Please provide complete information as applicable to your setup.
• DeepStream Version
v6.1.1 • TensorRT Version
8.4.3* • Issue Type( questions, new requirements, bugs)
Bug
**• How to reproduce the issue ? **
When using gst-nvinfer with the ‘maintain-aspect-ratio=1’ option, there are situations in which valid bounding boxes will be omitted by gst-nvinfer.
Example:
Input video size is 1920x1080, and network dimensions are 640x640. nvinfer will resize the image to 640 x 360 to maintain the aspect ratio. The parse-bbox-func does not get the image dimensions, but only the network dimensions, so a parse-bbox-func can only clamp the box to network dimension, not image dimensions. Hence parse-bbox-func may return boxes which are not completely contained in the image. These boxes are discarded by nvinfer (gstnvinfer_meta_utils.cpp, lines 76-80, v6.1.1).

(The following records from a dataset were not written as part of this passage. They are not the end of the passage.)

(* For every $n\ge1$, the $\{\mathbf{3},\mathbf{2}+\mathbf{2}\}$-free naturally labelled posets on $[n]$ are in bijection with the set $\mathcal B_n$ of bicoloured permutations $\sigma$ of $[n]$ satisfying all of the following: (i) $\sigma(1)$ is blue; (ii) there is no $i$ with $\sigma(i),\sigma(i+1)$ both blue and $\sigma(i)<\sigma(i+1)$; (iii) there is no $i$ with $\sigma(i),\sigma(i+1)$ both red and $\sigma(i)>\sigma(i+1)$; (iv) there are no $i<j$ with $\sigma(i)$ blue, $\sigma(j)$ red and $\sigma(i)>\sigma(j)$.
   Context: A partial order $\preceq$ on $[n]$ is naturally labelled if $x\prec y$ implies $x<y$. It is $\mathbf{3}$-free if there are no $x\prec y\prec z$. It is $(\mathbf{2}+\mathbf{2})$-free if there are no distinct $i\prec j$, $k\prec\ell$ with each of $i,j$ incomparable to each of $k,\ell$. A bicoloured permutation of $[n]$ is a permutation $\sigma$ of $[n]$ in which each entry is coloured either blue or red. *)

(* [n] = {1..n} is represented by 'I_n = {0..n-1}
   (order-preserving relabelling i |-> i-1). *)
From mathcomp Require Import all_boot all_fingroup.
Set Implicit Arguments. Unset Strict Implicit. Unset Printing Implicit Defensive.

Section Defs.
Variable n : nat.

Definition prel := {set 'I_n * 'I_n}.

Definition le_R (R : prel) (x y : 'I_n) : bool := (x, y) \in R.
Definition lt_R (R : prel) (x y : 'I_n) : bool := (x != y) && le_R R x y.
Definition incomp_R (R : prel) (x y : 'I_n) : bool := ~~ le_R R x y && ~~ le_R R y x.

Definition is_partial_order (R : prel) : bool :=
  [&& [forall x, le_R R x x],
      [forall x, forall y, le_R R x y && le_R R y x ==> (x == y)] &
      [forall x, forall y, forall z, le_R R x y && le_R R y z ==> le_R R x z]].

Definition naturally_labelled (R : prel) : bool :=
  [forall x, forall y, lt_R R x y ==> (x < y)%N].

Definition three_free (R : prel) : bool :=
  ~~ [exists x, exists y, exists z, lt_R R x y && lt_R R y z].

Definition two_two_free (R : prel) : bool :=
  ~~ [exists i, exists j, exists k, exists l,
        [&& uniq [:: i; j; k; l], lt_R R i j, lt_R R k l,
            incomp_R R i k, incomp_R R i l, incomp_R R j k & incomp_R R j l]].

Definition good_poset (R : prel) : bool :=
  [&& is_partial_order R, naturally_labelled R, three_free R & two_two_free R].

(* A bicoloured permutation: a permutation s of [n] together with a colouring
   of its entries; the entry s i is blue iff col (s i) = true, red otherwise. *)
Definition bicol_perm := ('S_n * {ffun 'I_n -> bool})%type.

Definition blue (p : bicol_perm) (i : 'I_n) : bool := p.2 (p.1 i).
Definition red (p : bicol_perm) (i : 'I_n) : bool := ~~ blue p i.
Definition val_at (p : bicol_perm) (i : 'I_n) : nat := nat_of_ord (p.1 i).

Definition in_B (p : bicol_perm) : bool :=
  [&&
      [forall i : 'I_n, (val i == 0%N) ==> blue p i],
      [forall i : 'I_n, forall j : 'I_n,
         [&& val j == (val i).+1, blue p i, blue p j & (val_at p i < val_at p j)%N] == false],
      [forall i : 'I_n, forall j : 'I_n,
         [&& val j == (val i).+1, red p i, red p j & (val_at p i > val_at p j)%N] == false] &
      [forall i : 'I_n, forall j : 'I_n,
         [&& (i < j)%N, blue p i, red p j & (val_at p i > val_at p j)%N] == false]].

End Defs.

(* A {3, 2+2}-free poset has height at most two, so it is determined by its
   minimal elements (coloured blue) together with any listing of [n] in which
   x ≺ y exactly when x is blue, y is red and x is listed before y.  By
   (2+2)-freeness the strict down-sets of the red elements form a chain, so a
   red element can be placed at the level given by the size of its down-set,
   and a blue one at the least level of a red element above it (or at the top
   when it is below nothing).  Listing the elements level by level, blues
   before reds, blues decreasing and reds increasing, gives the unique listing
   satisfying (i)-(iv): conversely, for a listing in B the runs of equal
   colour are monotone by (ii)-(iii), which forces it to be the level listing
   of the poset it induces. *)
From mathcomp Require Import all_boot all_fingroup.
From mathcomp Require Import zify.
Set Implicit Arguments. Unset Strict Implicit. Unset Printing Implicit Defensive.

Section Rank.
Variable n : nat.
Implicit Types (K : 'I_n -> nat) (x y z : 'I_n) (A : {set 'I_n}).

Lemma card_notin_lt A x : x \notin A -> #|A| < n.
Proof.
move=> xA; have : A \subset [set~ x].
  by apply/subsetP => y yA; rewrite !inE; apply: contraNneq xA => <-.
move/subset_leq_card; rewrite cardsC1 card_ord.
by have := ltn_ord x; lia.
Qed.

Lemma card_ltn_ord k : k <= n -> #|[set j : 'I_n | j < k]| = k.
Proof.
move=> kn; have -> : [set j : 'I_n | j < k] = [set widen_ord kn j | j : 'I_k].
  apply/setP => j; rewrite inE; apply/idP/imsetP => [jk | [j' _ ->]]; last by rewrite /= ltn_ord.
  by exists (Ordinal jk); last exact: val_inj.
rewrite card_imset ?card_ord // => i j /(congr1 val) ij.
exact: val_inj.
Qed.

Lemma perm_succ_neq (s : {perm 'I_n}) (i j : 'I_n) : j = i.+1 :> nat -> (s i : nat) != s j.
Proof.
move=> ji; rewrite (inj_eq val_inj) (inj_eq perm_inj).
by apply/eqP => /(congr1 val) /=; lia.
Qed.

Definition rank K x := #|[set y | K y < K x]|.

Lemma rank_lt K x : rank K x < n.
Proof. by apply: (@card_notin_lt _ x); rewrite inE ltnn. Qed.

Definition ord_rank K x : 'I_n := Ordinal (rank_lt K x).

Lemma ltn_rank K x y : (rank K x < rank K y) = (K x < K y).
Proof.
case: (ltnP (K x) (K y)) => xy.
  apply: proper_card; apply/properP; split; last by exists x; rewrite !inE ?ltnn.
  by apply/subsetP => z; rewrite !inE => zx; lia.
apply/negbTE; rewrite -leqNgt; apply: subset_leq_card.
by apply/subsetP => z; rewrite !inE => zy; lia.
Qed.

Lemma ord_rank_inj K : injective K -> injective (ord_rank K).
Proof.
move=> Kinj x y /(congr1 val) /= rxy; apply: Kinj.
by case: (ltngtP (K x) (K y)) => // h; rewrite -(ltn_rank K) rxy ltnn in h.
Qed.

Lemma rank_adjacent K x y z :
  rank K y = (rank K x).+1 -> K x < K z -> K z < K y -> False.
Proof. by rewrite -(ltn_rank K x z) -(ltn_rank K z y) => ->; lia. Qed.

Lemma rank_perm K (s : {perm 'I_n}) :
  (forall x y, (K x < K y) = (s x < s y)) -> forall x, rank K x = s x.
Proof.
move=> Ks x; rewrite /rank; have -> : [set y | K y < K x] = s @^-1: [set j : 'I_n | j < s x].
  by apply/setP => y; rewrite !inE Ks.
by rewrite card_preimset ?card_ltn_ord //; [apply: ltnW | apply: perm_inj].
Qed.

This is a big problem when the app needs to be able to handle varying input aspect-ratios (so the image dimensions cannot be hard coded in parse-bbox-func).
about “nvinfer will resize the image to 640 x 360 to maintain the aspect ratio.”, please refer to refer to get_converted_buffer() of nvinfer plugin, nvinfer will do padding, the final resolution will be 640x640, that is, nvinfer will convert input resolution to model’s input dimension.
Yes, my formulation was imprecise. nvinfer scales the image to a 640x360 ROI inside the 640x640 network input, when maintain-aspect-ratio=1. The problem is that the parse-bbox-func’s are not aware of this ROI. This leads to the problem I describe: The network might produce bounding boxes which exceed the 640x360 ROI, and the parse-bbox-func cannot clamp to the image ROI.
A function implementing this signature only has information about the network dimensions (via networkInfo), but no information about the ROI of the padded image in the network input.
Reproduction:
download attached video (still video of a slightly cropped car from wikipedia)
in sources/objectDetector_Yolo run deepstream-app -c deepstream_app_config_yoloV3.txt on the video
observe that the deepstream-app does not draw a bounding box around the slightly cropped car in the foreground.
To remedy this, one can either set maintain-aspect-ratio=0 in config_infer_primary_yoloV3.txt, or
comment out the lines mentioned in my first post (sources/gst-plugins/gst-nvinfer/gstnvinfer_meta_utils.cpp, 76-80) and recompile the plugin.